UC minister wants more balance on Mideast

Rev. Andrew Love is pastor at the Grace St. Andews United Church in Arnprior, Ont.

By speaking out against a United Church working group’s recommendations on Israel, Rev. Andrew Love said he was hoping to swing the church back toward a more balanced and “positive” approach to the Mideast conflict.

The situation in the Middle East is complex, and taking sides only causes friction with the Jewish community, he said.

 “I’m concerned that in the name of being in solidarity with the Palestinian people we may be undermining our relationship with the Jewish community,” said Rev. Love, pastor at the Grace St. Andrews United Church in Arnprior Ont., west of Ottawa.

Rev. Love was reacting to a recent report by a church committee that called for a boycott of products from Israeli settlements. The group’s document, which will be debated at the church’s General Council in August, also declared that the deepest meaning of the Holocaust was the loss of dignity for Jews – a statement quickly followed by one saying Palestinians also suffer a loss of dignity under Israeli occupation. The document conditionally rejected the use of the term “apartheid” to describe Israel, but left open the possibility it could be applied if circumstances changed.

“The heart of the issue for me is that I’m concerned the church is eroding the commitment it made in 2003 to strengthen ties to the Jewish community,” Rev. Love said, referring to a document adopted that year by the General Council, Bearing Faithful Witness.

Rev. Love said the church should focus on positive ways of bringing Israelis and Palestinians together and not take positions on complex political issues.

He recently launched a website, faithfulwitness.ca, “to gather support from other people concerned about the United Church’s drift away from the commitment it made in 2003 to strengthen its ties to the Jewish community.”

The site urges others to “join me in calling on the General Council to adopt a more balanced policy. To borrow words from rabbis-letter.org, the Working Group report ‘shamefully paints Israel as a pariah nation’ that is solely responsible for the violence and conflict with the Palestinians. The authors of the report never hold Palestinians or surrounding Arab nations to moral accountability’,” the website states.

Rev. Love, who’s been associated with seven churches since being ordained in 2009, believes that “the views reflected in the working group report do not line up with [churchgoers’] views.

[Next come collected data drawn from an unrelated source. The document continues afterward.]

Lemma commx_inj_inAy P Q : [pchar K] =i pred0 ->
  inAy N P -> inAy N Q -> commx P = commx Q -> P = Q.
Proof.
move=> K0 /inAyP P0 /inAyP Q0 eq_comm; apply/eqP; rewrite -subr_eq0.
have /size1_polyC -> : (size (P - Q)%R <= 1)%N.
  by apply: commx_eq0 => //; rewrite commxB eq_comm subrr.
by rewrite coefB P0 Q0 subrr polyC0.
Qed.

Hypothesis N_gt0 : (0 < N)%N.

Lemma iter_xNderiv_X m :
  iter m (@xNderiv K N) 'X = pochhammer1 (N - 1)%:R m *: 'X^(1 + m * (N - 1)).
Proof.
elim: m => [|m IHm]; first by rewrite /pochhammer1 big_ord0 scale1r expr1.
rewrite iterS IHm /xNderiv derivZ derivXn -scalerAr mulrnAr -exprD pochhammer1S.
rewrite -scalerA; congr (_ *: _).
rewrite (_ : N + _ = 1 + m.+1 * (N - 1))%N; last by rewrite mulSn; lia.
by rewrite -scaler_nat natrD natrM.
Qed.

Lemma commxYn_coefE k t : commxYn_coef k t =
  if (t < k)%N then
    ('C(k, t)%:R * pochhammer1 (N - 1)%:R (k - t)) *: 'X^(1 + (k - t) * (N - 1))
  else 0.
Proof.
by rewrite /commxYn_coef iter_xNderiv_X; case: ifP => // _; rewrite scalerMnl mulr_natl.
Qed.

End Commutator.

Section Phi.
Variables (K : fieldType) (N : nat).
Hypotheses (K0 : [pchar K] =i pred0) (N_gt0 : (0 < N)%N).

Lemma coef_scmono (c : K) a b k : (sc c (mono K a b))`_k = (c *: 'X^a) *+ (k == b).
Proof. by rewrite /sc /mono !coefCM coefXn mulr_natr mulrnAr mul_polyC. Qed.

Lemma coef_Phi j k : (Phi K N j)`_k =
  \sum_(i < j)
    ((j%:R^-1 * ('C(j, i)%:R * cval K N i)) *: 'X^(i * (N - 1))) *+ (k == j - i)%N.
Proof.
rewrite /Phi /sc coefCM coef_sum mulr_sumr; apply: eq_bigr => i _.
by rewrite -/(sc _ _) coef_scmono mul_polyC -scalerMnr scalerA.
Qed.

Lemma size_Phi j : (size (Phi K N j) <= j.+1)%N.
Proof.
apply/leq_sizeP => k lt_jk; rewrite coef_Phi big1 // => i _.
by rewrite eqn_leq [(k <= _)%N]leqNgt (leq_ltn_trans (leq_subr _ _) lt_jk) mulr0n.
Qed.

The average person in the pews is just like me in the sense of looking for more balance and a less one-sided judgment, in this case, a judgment against the State of Israel.

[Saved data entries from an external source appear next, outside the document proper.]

(* Let $\alpha\ge1$ and for $n=0,1,\dots$ let $$z_n(x)=L_{1,1+n}^{II,(\alpha)}(x)\frac{e^{-x/2}}{S(x)}=e^{-x/2}\Bigl(-xL_{n-1}^{(\alpha+2)}(x)+\alpha\Bigl(1+\frac{1}{x+\alpha}\Bigr)L_n^{(\alpha+1)}(x)\Bigr),\qquad x\ge0,$$ where $S(x)=-x-\alpha$, and let $c_n$ be the constant with $c_nz_n(0)=1$. Then $\|c_nz_n\|_{\infty,[0,\infty)}=c_nz_n(0)=1$ for all $n=0,1,\dots$.
   Context: $L_n^{(\beta)}$ is the classical Laguerre polynomial, with $L_{-1}^{(\beta)}\equiv0$. $L_{1,1+n}^{II,(\alpha)}$ is the type II exceptional Laguerre polynomial of codimension $1$, with $S(x)=L_1^{(-\alpha-1)}(x)=-x-\alpha$; the displayed explicit expression is taken as the definition of $z_n$. *)

From Stdlib Require Import Reals Lra Arith Factorial.
Open Scope R_scope.

Fixpoint prod_from (k n : nat) (b : R) : R :=
  match n with
  | O => 1
  | S m => if Nat.leb n k then 1 else (b + INR n) * prod_from k m b
  end.

(* Classical (generalized) Laguerre polynomial
   L_n^{(b)}(x) = sum_{k=0}^n (-1)^k binom(n+b, n-k) x^k / k!,
   with binom(n+b, n-k) = prod_{j=k+1}^n (b+j) / (n-k)!. *)
Definition laguerre (n : nat) (b x : R) : R :=
  sum_f_R0 (fun k => (-1) ^ k * (prod_from k n b / INR (fact (n - k)))
                     * x ^ k / INR (fact k)) n.

(* L_{n-1}^{(b)} with the convention L_{-1}^{(b)} = 0 *)
Definition laguerre_pred (n : nat) (b x : R) : R :=
  match n with
  | O => 0
  | S m => laguerre m b x
  end.

Definition zfun (a : R) (n : nat) (x : R) : R :=
  exp (- x / 2) * (- x * laguerre_pred n (a + 2) x
                   + a * (1 + / (x + a)) * laguerre n (a + 1) x).

(** Write [L_k] for [L_k^(0)].  The classical bound [|L_k(x)| <= e^(x/2)] on
    [x >= 0] comes from Bessel's inequality in the Fock space of power series
    in [t], where [t^j] has squared norm [j!] and multiplication by [t] is
    adjoint to [d/dt]: the series [(t - r)^k e^(r t)] are orthogonal with
    squared norm [k! e^(r^2)], and the coefficient of [t^k] in the [k]-th one
    is [L_k(r^2)].
    Expanding in the basis [L_{n-j}], [L_n^(α+1) = Σ_j binom(α+j, j) L_{n-j}]
    and [-x L_{n-1}^(α+2) + α L_n^(α+1) = Σ_j w_j L_{n-j}] with [w_j >= 0]
    for [α >= 1], so
    [e^(x/2) z_n(x) = Σ_j w_j L_{n-j}(x) + α/(x+α) Σ_j binom(α+j, j) L_{n-j}(x)];
    since [|L_k(x)| <= e^(x/2)] and [0 <= α/(x+α) <= 1], [|z_n(x)|] is at most
    the sum of all these weights, which is [z_n(0)] because every [L_k(0)] is 1. *)

From Stdlib Require Import Reals Lra Lia Factorial.
Open Scope R_scope.

Lemma sum_f_R0_shift (f : nat -> R) (n : nat) :
  sum_f_R0 f (S n) = f 0%nat + sum_f_R0 (fun i => f (S i)) n.
Proof. exact (decomp_sum f (S n) (Nat.lt_0_succ n)). Qed.

Lemma sum_f_R0_swap (f : nat -> nat -> R) (N M : nat) :
  sum_f_R0 (fun i => sum_f_R0 (f i) M) N = sum_f_R0 (fun j => sum_f_R0 (fun i => f i j) N) M.
Proof.
  induction N as [|N IH]; [reflexivity|].
  rewrite tech5, IH, <- plus_sum. apply sum_eq. intros j _. now rewrite tech5.
Qed.

Lemma sum_f_R0_trunc (f : nat -> R) (m n : nat) :
  (m <= n)%nat -> (forall i, (m < i <= n)%nat -> f i = 0) -> sum_f_R0 f n = sum_f_R0 f m.
Proof.
  induction 1 as [|n Hmn IH]; intros Hz; [reflexivity|].
  rewrite tech5, IH, (Hz (S n)) by (lia || (intros; apply Hz; lia)). ring.
Qed.

Lemma sum_f_R0_mul_pow0 (f : nat -> R) (n : nat) :
  sum_f_R0 (fun k => f k * 0 ^ k) n = f 0%nat.
Proof.
  induction n as [|n IH]; [simpl; ring|]. rewrite tech5, IH. simpl. ring.
Qed.

Lemma sum_f_R0_last_le (f : nat -> R) (n : nat) :
  (forall i, 0 <= f i) -> f n <= sum_f_R0 f n.
Proof.
  intros Hf. destruct n as [|n]; simpl; [lra|].
  pose proof (cond_pos_sum f n Hf). lra.
Qed.

Lemma exp_series_cv (x : R) :
  Un_cv (fun N => sum_f_R0 (fun j => / INR (fact j) * x ^ j) N) (exp x).
Proof. exact (proj2_sig (exist_exp x)). Qed.

Lemma Un_cv0_dominated (a v : nat -> R) (K : R) :
  (forall N, Rabs (a N) <= K * Rabs (v N)) -> Un_cv v 0 -> Un_cv a 0.
Proof.
  intros Hav Hv eps Heps.
  pose proof (Rabs_pos K) as HK.
  destruct (Hv (eps / (Rabs K + 1))) as [N0 HN0]; [apply Rdiv_lt_0_compat; lra|].
  exists N0. intros N HN. specialize (HN0 N HN). specialize (Hav N).
  unfold R_dist in *. rewrite Rminus_0_r in *.
  apply (Rmult_lt_compat_l (Rabs K + 1)) in HN0; [|lra].
  replace ((Rabs K + 1) * (eps / (Rabs K + 1))) with eps in HN0 by (field; lra).
  pose proof (Rabs_pos (v N)) as Hv0.
  pose proof (Rmult_le_compat_r (Rabs (v N)) _ _ Hv0 (Rle_abs K)). lra.
Qed.

Lemma S_INR_le_pow2 (N : nat) : INR (S N) <= 2 ^ N.
Proof.
  induction N as [|N IH]; [simpl; lra|].
  rewrite !S_INR in *. simpl pow. pose proof (pos_INR N). lra.
Qed.

Lemma pow_geom_fact_cv0 (p : nat) (t : R) :
  Un_cv (fun N => INR (S (S N)) ^ p * t ^ N / INR (fact N)) 0.
Proof.
  apply (Un_cv0_dominated _ (fun N => (2 ^ p * t) ^ N / INR (fact N)) (2 ^ p));
    [|apply cv_speed_pow_fact].
  intros N. set (q := t ^ N / INR (fact N)).
  replace (INR (S (S N)) ^ p * t ^ N / INR (fact N)) with (INR (S (S N)) ^ p * q)
    by (unfold q, Rdiv; ring).
  replace ((2 ^ p * t) ^ N / INR (fact N)) with ((2 ^ p) ^ N * q)
    by (unfold q, Rdiv; rewrite Rpow_mult_distr; ring).
  assert (Hpow : INR (S (S N)) ^ p <= 2 ^ p * (2 ^ p) ^ N).
  { change (2 ^ p * (2 ^ p) ^ N) with ((2 ^ p) ^ S N).
    rewrite <- pow_mult, Nat.mul_comm, pow_mult.
    apply pow_incr. split; [apply pos_INR | apply S_INR_le_pow2]. }
  rewrite !Rabs_mult, (Rabs_pos_eq (_ ^ p)), (Rabs_pos_eq ((2 ^ p) ^ N))
    by (apply pow_le; (apply pos_INR || apply pow_le; lra)).
  rewrite <- Rmult_assoc. apply Rmult_le_compat_r; [apply Rabs_pos | exact Hpow].
Qed.

Lemma Un_cv_const (c : R) : Un_cv (fun _ => c) c.
Proof. intros eps Heps. exists 0%nat. intros. unfold R_dist. rewrite Rminus_diag, Rabs_R0. lra. Qed.

(** * Rising binomial coefficients and Laguerre polynomials *)

(* [rbinom N c = c (c+1) ... (c+N-1) / N!], i.e. binom(c+N-1, N) for real [c]. *)
Fixpoint rbinom (N : nat) (c : R) : R :=
  match N with
  | O => 1
  | S M => rbinom M c * (c + INR M) / INR (S M)
  end.

Lemma rbinom_S (N : nat) (c : R) : INR (S N) * rbinom (S N) c = (c + INR N) * rbinom N c.
Proof. cbn [rbinom]. field. apply not_0_INR; lia. Qed.

Lemma rbinom_1 (N : nat) : rbinom N 1 = 1.
Proof.
  induction N as [|N IH]; [reflexivity|]. cbn [rbinom]. rewrite IH, S_INR.
  field. pose proof (pos_INR N); lra.
Qed.

Lemma rbinom_ge0 (N : nat) (c : R) : 0 <= c -> 0 <= rbinom N c.
Proof.
  intros Hc. induction N as [|N IH]; cbn [rbinom]; [lra|].
  pose proof (pos_INR N). pose proof (lt_0_INR (S N) (Nat.lt_0_succ N)).
  apply Rmult_le_pos; [nra|]. apply Rlt_le, Rinv_0_lt_compat; lra.
Qed.

Lemma rbinom_vandermonde (c d : R) (N : nat) :
  sum_f_R0 (fun j => rbinom j c * rbinom (N - j) d) N = rbinom N (c + d).
Proof.
  induction N as [|N IH]; [simpl; ring|].
  apply (Rmult_eq_reg_l (INR (S N))); [|apply not_0_INR; lia].
  rewrite rbinom_S, <- IH, scal_sum.
  (* write [S N = j + (S N - j)] and absorb each part into one factor by [rbinom_S] *)
  rewrite (sum_eq _ (fun j => INR j * rbinom j c * rbinom (S N - j) d
                            + rbinom j c * (INR (S N - j) * rbinom (S N - j) d)))
    by (intros j Hj; rewrite minus_INR by lia; ring).
  rewrite plus_sum, sum_f_R0_shift, tech5, Nat.sub_diag.
  rewrite (sum_eq (fun i => INR (S i) * _ * _)
                  (fun j => (c + INR j) * rbinom j c * rbinom (N - j) d))
    by (intros j Hj; simpl Nat.sub; rewrite rbinom_S; ring).
  rewrite (sum_eq (fun j => rbinom j c * (INR (S N - j) * _))
                  (fun j => rbinom j c * ((d + INR (N - j)) * rbinom (N - j) d)))
    by (intros j Hj; replace (S N - j)%nat with (S (N - j)) by lia; now rewrite rbinom_S).
  simpl INR. rewrite !Rmult_0_l, Rmult_0_r, Rplus_0_l, Rplus_0_r.
  rewrite <- plus_sum, scal_sum. apply sum_eq. intros j Hj. rewrite minus_INR by lia. ring.
Qed.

“They feel we should come with more humility and play a more positive role and a less divisive role.”

Rev. Love said he “reluctantly came to the conclusion that there’s a radical agenda working here, and the folks behind that agenda are better at influencing policy than I am.”

Rev. Love said he does not plan to attend the General Council. “I’m not planning any kind of organized effort. I’m just trying to lift up the voice that was behind the 2003 effort to the Jewish community.”

He said that since he voiced his opinions in a National Post article, he’s received 16 calls from Jews who thanked him for his position.

“I didn’t anticipate that, but what it tells me is that it speaks to the real feeling of isolation in part of the Jewish community in Canada, that they’re not hearing from the Christian community support, understanding and sensitivity.